On the outskirts of the village they had to take shelter in a doorway. The rain came down in front of their faces like a curtain. At times they couldn’t even see through it. Then the sky began to grow lighter and the rain slackened.

“If we had a car,” he said, “it would be entirely different. We wouldn’t feel cooped up. The house is damp and cold. The books accumulate on the table in our room and I read a few sentences and my mind gets tired of translating and having to look up words and begins to wander.”

“A lot of it’s our fault,” she said, “for not speaking French.”

“And part of it isn’t our fault. It wasn’t like this anywhere else. With time hanging heavy on our hands, we always seem to be hurrying, always about to be late to lunch or dinner. We ask for a double bed and nothing is done about it, and she says nothing can be done about it because of the lamp. What actually has the lamp got to do with it? We didn’t ask for a lamp. Nothing is done about anything we ask for in the way of comfort or convenience. And neither is it refused. The hot water arrives while we’re at dinner. The cook’s bicycle is too frail for us to borrow, and we can’t borrow hers because it has just been repaired. The buses and trains run at the wrong time, the taxi is expensive. George Ireland showed me a snapshot of the horse hitched up to a dog cart, but that was last summer. Now the horse is old and needed in the garden.

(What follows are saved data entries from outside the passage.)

(* Let $R$ be an associative ring with identity. Then $R$ is NJ-symmetric in each of the following cases: (1) $R$ is left quasi-duo, or $R$ is right quasi-duo; (2) $R$ is abelian and J-clean; (3) $R$ is abelian and J-quasipolar; (4) $R$ is generalized weakly symmetric (GWS) and $x^2=0$ for every nilpotent $x\in R$ (i.e. the index of nilpotency of nilpotent elements is at most 2).
   Context: $N(R)$ denotes the set of nilpotent elements and $J(R)$ the Jacobson radical of $R$. $R$ is NJ-symmetric if for all $a,b,c\in R$, $abc\in N(R)$ implies $bac\in J(R)$. $R$ is left (right) quasi-duo if every maximal left (right) ideal of $R$ is a two-sided ideal. $R$ is abelian if every idempotent of $R$ is central. $R$ is J-clean if every $a\in R$ can be written $a=e+j$ with $e^2=e$ and $j\in J(R)$. For $a\in R$, $\mathrm{comm}(a)=\{y\in R: ya=ay\}$ and $\mathrm{comm}^2(a)=\{x\in R: xy=yx \text{ for all } y\in \mathrm{comm}(a)\}$; $R$ is J-quasipolar if for every $a\in R$ there is $f=f^2\in\mathrm{comm}^2(a)$ with $a+f\in J(R)$. $R$ is GWS if for all $a,b,c\in R$, $abc=0$ implies $bac\in N(R)$. *)

From mathcomp Require Import all_boot all_algebra.
Set Implicit Arguments. Unset Strict Implicit. Unset Printing Implicit Defensive.
Import GRing.Theory.
Local Open Scope ring_scope.

Definition nilp (R : nzRingType) (x : R) : Prop := exists n : nat, x ^+ n = 0.

Definition left_ideal (R : nzRingType) (I : R -> Prop) : Prop :=
  [/\ I 0, (forall x y, I x -> I y -> I (x + y)) & (forall r x, I x -> I (r * x))].

Definition right_ideal (R : nzRingType) (I : R -> Prop) : Prop :=
  [/\ I 0, (forall x y, I x -> I y -> I (x + y)) & (forall r x, I x -> I (x * r))].

Definition two_sided_ideal (R : nzRingType) (I : R -> Prop) : Prop :=
  left_ideal I /\ right_ideal I.

Definition maximal_left_ideal (R : nzRingType) (M : R -> Prop) : Prop :=
  [/\ left_ideal M, ~ M 1 &
      forall I, left_ideal I -> ~ I 1 -> (forall x, M x -> I x) -> forall x, I x -> M x].

Definition maximal_right_ideal (R : nzRingType) (M : R -> Prop) : Prop :=
  [/\ right_ideal M, ~ M 1 &
      forall I, right_ideal I -> ~ I 1 -> (forall x, M x -> I x) -> forall x, I x -> M x].

Definition jacobson (R : nzRingType) (x : R) : Prop :=
  forall M, maximal_left_ideal M -> M x.

Definition NJ_symmetric (R : nzRingType) : Prop :=
  forall a b c : R, nilp (a * b * c) -> jacobson (b * a * c).

Definition left_quasi_duo (R : nzRingType) : Prop :=
  forall M : R -> Prop, maximal_left_ideal M -> two_sided_ideal M.

Definition right_quasi_duo (R : nzRingType) : Prop :=
  forall M : R -> Prop, maximal_right_ideal M -> two_sided_ideal M.

Definition abelian_ring (R : nzRingType) : Prop :=
  forall e : R, e * e = e -> forall x, e * x = x * e.

Definition J_clean (R : nzRingType) : Prop :=
  forall a : R, exists e j, [/\ e * e = e, jacobson j & a = e + j].

Definition in_comm2 (R : nzRingType) (a f : R) : Prop :=
  forall y, y * a = a * y -> f * y = y * f.

Definition J_quasipolar (R : nzRingType) : Prop :=
  forall a : R, exists f, [/\ f * f = f, in_comm2 a f & jacobson (a + f)].

Definition GWS (R : nzRingType) : Prop :=
  forall a b c : R, a * b * c = 0 -> nilp (b * a * c).

Definition nil_index_le2 (R : nzRingType) : Prop :=
  forall x : R, nilp x -> x ^+ 2 = 0.

From Pilot Require Import Defs.
From mathcomp Require Import all_boot all_algebra.
From mathcomp Require Import boolp classical_sets.
(* J(R) is the intersection of the maximal left ideals.  It is closed under
   right multiplication because, for r outside a maximal left ideal M, the
   ideal {y | y r in M} is again maximal; and x lies in J as soon as every
   1 - r x has a left inverse.
   (1) A maximal one-sided ideal that is two-sided is completely prime, so it
   contains bac whenever it contains the nilpotent abc.  For right quasi-duo
   rings this puts bac in every maximal right ideal, and by Zorn's lemma the
   intersection of those is contained in J.
   (2), (3) Both hypotheses give a - a^2 in J for every a, so R/J is Boolean,
   hence commutative and reduced, and bac = abc = 0 modulo J. *)

Set Implicit Arguments. Unset Strict Implicit. Unset Printing Implicit Defensive.
Import GRing.Theory.
Local Open Scope ring_scope.

Section JacobsonRadical.
Variable R : nzRingType.
Implicit Types (M : R -> Prop) (r x y : R).

Lemma maximal_left_ideal_span1 M x : maximal_left_ideal M -> ~ M x ->
  exists m r, M m /\ m + r * x = 1.
Proof.
case=> [[M0 MD MM] _ Mmax] Mx.
pose I z := exists m r, M m /\ m + r * x = z.
have [//|nI1] := pselect (I 1).
exfalso; apply: Mx; apply: (Mmax I) => //.
- split.
  + by exists 0, 0; rewrite mul0r addr0.
  + move=> _ _ [m1 [r1 [Mm1 <-]]] [m2 [r2 [Mm2 <-]]].
    by exists (m1 + m2), (r1 + r2); rewrite mulrDl addrACA; split; first exact: MD.
  + move=> s _ [m [r [Mm <-]]].
    by exists (s * m), (s * r); rewrite mulrDr mulrA; split; first exact: MM.
- by move=> m Mm; exists m, 0; rewrite mul0r addr0.
- by exists 0, 1; rewrite mul1r add0r.
Qed.

Lemma maximal_left_ideal_colon M r : maximal_left_ideal M -> ~ M r ->
  maximal_left_ideal (fun y => M (y * r)).
Proof.
move=> Mmax Mr; have [[M0 MD MM] _ _] := Mmax.
split; first split.
- by rewrite mul0r.
- by move=> u v Mu Mv; rewrite mulrDl; apply: MD.
- by move=> s u Mu; rewrite -mulrA; apply: MM.
- by rewrite mul1r.
move=> I [_ ID IM] I1 MrI k Ik; apply: contrapT => Mkr.
have [m [s [Mm m_sk]]] := maximal_left_ideal_span1 Mmax Mkr.
have I1rsk : I (1 - r * s * k).
  apply: MrI; have -> : (1 - r * s * k) * r = r * m.
    by rewrite -[m](addrK (s * (k * r))) m_sk mulrBl mulrBr mul1r mulr1 !mulrA.
  exact: MM.
by apply: I1; rewrite -(subrK (r * s * k) 1); apply: ID => //; apply: IM.
Qed.

Lemma jacobson0 : jacobson (0 : R).
Proof. by move=> M [[]]. Qed.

When I try to find her to ask her about some arrangement, she’s never anywhere. I don’t even know where her room is.”

“Did you hear her say ‘I like your American custom of not shaking hands in the morning’?”

“They shake hands at breakfast ?”

“Apparently.”

“The cozy atmosphere of the breakfast table is a fabrication that we are supposed to accept and even contribute to,” he went on, “as the other guests politely accept and support the fiction that Mme Viénot and her mother are the very cream of French society and lost nothing of importance when they lost their money.”